The throw on an illegal transition is the key line. In the loop version, a bug where the LLM drafts a tweet after discarding an article will silently succeed. In the graph version, it throws immediately and you fix it before it ever ships.

What You Get

Observability without infrastructure. Every state → next is a natural log line. You can reconstruct the exact path any article took. With the loop, you get a wall of tool calls with no structure.

Testable states. You can call executeState("SCORE", mockCtx) in isolation. You can assert that a low score article transitions to DISCARD and a high score one to SAVE. With the loop, the only thing you can test is the full end to end run.
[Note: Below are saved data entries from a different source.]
Lemma powers_units_factorisation ps ts : sorted leq ts -> all proper_power ps ->
  powers ps = units ts ->
  exists tss : seq (seq nat), [/\ size tss = size ps, ts = flatten tss,
   (forall g, powers (take g ps) = units (flatten (take g tss))) &
   (forall q, q < size ps -> exists a t, [/\ 0 < a,
      (nth ([::], 0) ps q).1 = units (nseq a t) &
      nth [::] tss q = nseq (a * (nth ([::], 0) ps q).2) t])].
Proof.
elim: ps ts => [|[u n] ps IH] ts sts.
  by move=> _ ts_nil; exists [::]; split=> //; apply: units_inj; rewrite -ts_nil.
move=> /andP[/andP[/= u0 n_gt1] ps_proper] psE.
have [X [Y [ts_eq uX psY]]] :=
  powers_cut_aligned sts ps_proper (esym psE : units ts = power u n ++ powers ps).
rewrite ts_eq in sts; have [sX sY] := cat_sorted2 sts.
have [tss [tss_size Y_eq tss_take tss_nth]] := IH Y sY ps_proper psY.
have [a [t [a0 u_eq X_eq]]] := power_of_units u0 n_gt1 sX uX.
exists (X :: tss); split => /=.
- by rewrite tss_size.
- by rewrite ts_eq Y_eq.
- case=> [|g] //; rewrite -[powers _]/(power u n ++ powers (take g ps)).
  by rewrite tss_take uX -units_cat.
- by case=> [|q] /=; [exists a, t | move/tss_nth].
Qed.

Lemma size_powers_take_mono ps :
  {homo (fun g => size (powers (take g ps))) : g g' / g <= g'}.
Proof.
move=> g g' le_gg'; rewrite /= -(subnKC le_gg') takeD /powers map_cat flatten_cat.
by rewrite size_cat leq_addr.
Qed.

End UnitWords.

Definition runs (f : nat -> nat) (js : seq nat) : seq nat :=
  flatten [seq nseq (f j) j | j <- js].

Lemma sorted_runs f js : sorted leq js -> sorted leq (runs f js).
Proof.
rewrite !sorted_pairwise; try exact: leq_trans.
elim: js => [|j js IH] //= /andP[/allP j_le pjs]; rewrite pairwise_cat IH // andbT.
apply/andP; split.
- apply/allP => z; rewrite mem_nseq => /andP[_ /eqP->]; apply/allP => y.
  by case/flatten_mapP => y' /j_le j_y'; rewrite mem_nseq => /andP[_ /eqP->].
- by elim: (f j) => //= c ->; rewrite andbT; apply/allP => y; rewrite mem_nseq => /andP[_ /eqP->].
Qed.

Lemma count_runs f js t : uniq js -> count_mem t (runs f js) = (t \in js) * f t.
Proof.
elim: js => [|j js IH] //= /andP[j_js u_js]; rewrite count_cat count_nseq IH // in_cons.
rewrite /= eq_sym; case: eqVneq => [->|_] /=; last by [].
by rewrite (negbTE j_js) addn0.
Qed.

(* The unit 0^t 1 has length t + 1. *)
Lemma size_units_runs (S : eqType) (zero one : S) f js :
  size (units zero one (runs f js)) = \sum_(t <- js) t.+1 * f t.
Proof.
elim: js => [|j js IH]; first by rewrite big_nil.
rewrite big_cons /runs /= units_cat size_cat -/(runs f js) IH; congr (_ + _).
elim: (f j) => [|c IHc]; first by rewrite muln0.
by rewrite /= units_cons size_cat size_nseq /= IHc mulnS; lia.
Qed.

Lemma filter_runs f js j :
  [seq t <- runs f js | t < j] = runs (fun t => (t < j) * f t) js.
Proof.
rewrite /runs filter_flatten -map_comp; congr flatten.
by apply: eq_map => t /=; rewrite filter_nseq.
Qed.

Lemma runs_threshold (tss : seq (seq nat)) j : sorted leq (flatten tss) ->
  (forall s, s \in tss -> exists c t, s = nseq c t) ->
  exists2 g, g <= size tss & flatten (take g tss) = [seq t <- flatten tss | t < j].
Proof.
elim: tss => [|s tss IH] /=; first by exists 0.
move=> sorted_tss const_tss; have [c [t s_eq]] := const_tss s (mem_head _ _); subst s.
have [|g g_le tss_g] := IH (cat_sorted2 sorted_tss).2.
  by move=> s' s'_in; apply: const_tss; rewrite in_cons s'_in orbT.
rewrite filter_cat filter_nseq.
case: (boolP ((t < j) || (c == 0))) => [low|].
  by exists g.+1; rewrite //= tss_g; case/orP: low => [->|/eqP->]; rewrite ?mul1n ?muln0.
rewrite negb_or -leqNgt -lt0n => /andP[j_le c0]; exists 0 => //=.
move: sorted_tss; rewrite sorted_pairwise; last exact: leq_trans.
rewrite pairwise_cat => /and3P[/allP t_le _ _].
have /t_le /allP t_below : t \in nseq c t by rewrite mem_nseq c0 eqxx.
rewrite ltnNge j_le mul0n /= (eq_in_filter (a2 := pred0)) ?filter_pred0 // => z /t_below.
by rewrite /= ltnNge => tz; rewrite (leq_trans j_le tz).
Qed.

Lemma itv_cover (f : nat -> nat) a d p : {homo f : u v / u <= v} ->
  in_itv ((f a).+1, f (a + d.+1)) p <->
  exists2 t, t <= d & in_itv ((f (a + t)).+1, f (a + t).+1) p.
Proof.
move=> f_mono; rewrite /in_itv /=; split.
- elim: d => [|d IH] /andP[lo hi].
    by exists 0; rewrite // addn0 lo -(addn1 a).
  case: (leqP p (f (a + d.+1))) => hi'.
    by have [t t_le p_in] := IH (introT andP (conj lo hi')); exists t => //; apply: leqW.
  by exists d.+1; rewrite // hi' -addnS.
- case=> t t_le /andP[lo hi]; apply/andP; split.
  + by apply: leq_ltn_trans lo; apply: f_mono; apply: leq_addr.
  + by apply: leq_trans hi _; apply: f_mono; rewrite -addnS leq_add2l.
Qed.

Lemma itv_disjoint (f : nat -> nat) u v p : {homo f : a b / a <= b} -> u != v ->
  in_itv ((f u).+1, f u.+1) p -> ~~ in_itv ((f v).+1, f v.+1) p.
Proof.
rewrite /in_itv /= => f_mono u_neq_v /andP[lo_u hi_u]; apply/negP => /andP[lo_v hi_v].
by case: (ltngtP u v) u_neq_v => [/f_mono|/f_mono|]; rewrite ?eqxx //; lia.
Qed.

Section PowerPatterns.
Variable S : eqType.
Variables (h : subst S) (x n : nat -> nat).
Predictable cost. The graph has a known maximum LLM call count equal to the longest path (4 calls for a saved article, 2 for a discarded one). The loop's call count drifts with model mood and input complexity.

Resumability. Because all state lives in ctx, you can persist it after each transition and resume from any point. If the tweet API is down, you can retry from TWEET without fetching or scoring again. The loop keeps state in the message array — pausing mid execution means losing everything.

When the Loop Is Right

Not every agent should be a graph. The loop is the right model when the shape of the work is genuinely unknown upfront — open ended research, code generation across unknown territory, anything where the agent needs to discover the path, not follow one.

The useful distinction: if your agent is a process (ordered steps, side effects, compliance requirements), model it as a graph. If it is a solver (find the best answer by whatever path), the loop is fine.

An article pipeline is a process. A "debug this error" agent is a solver. The architecture should match.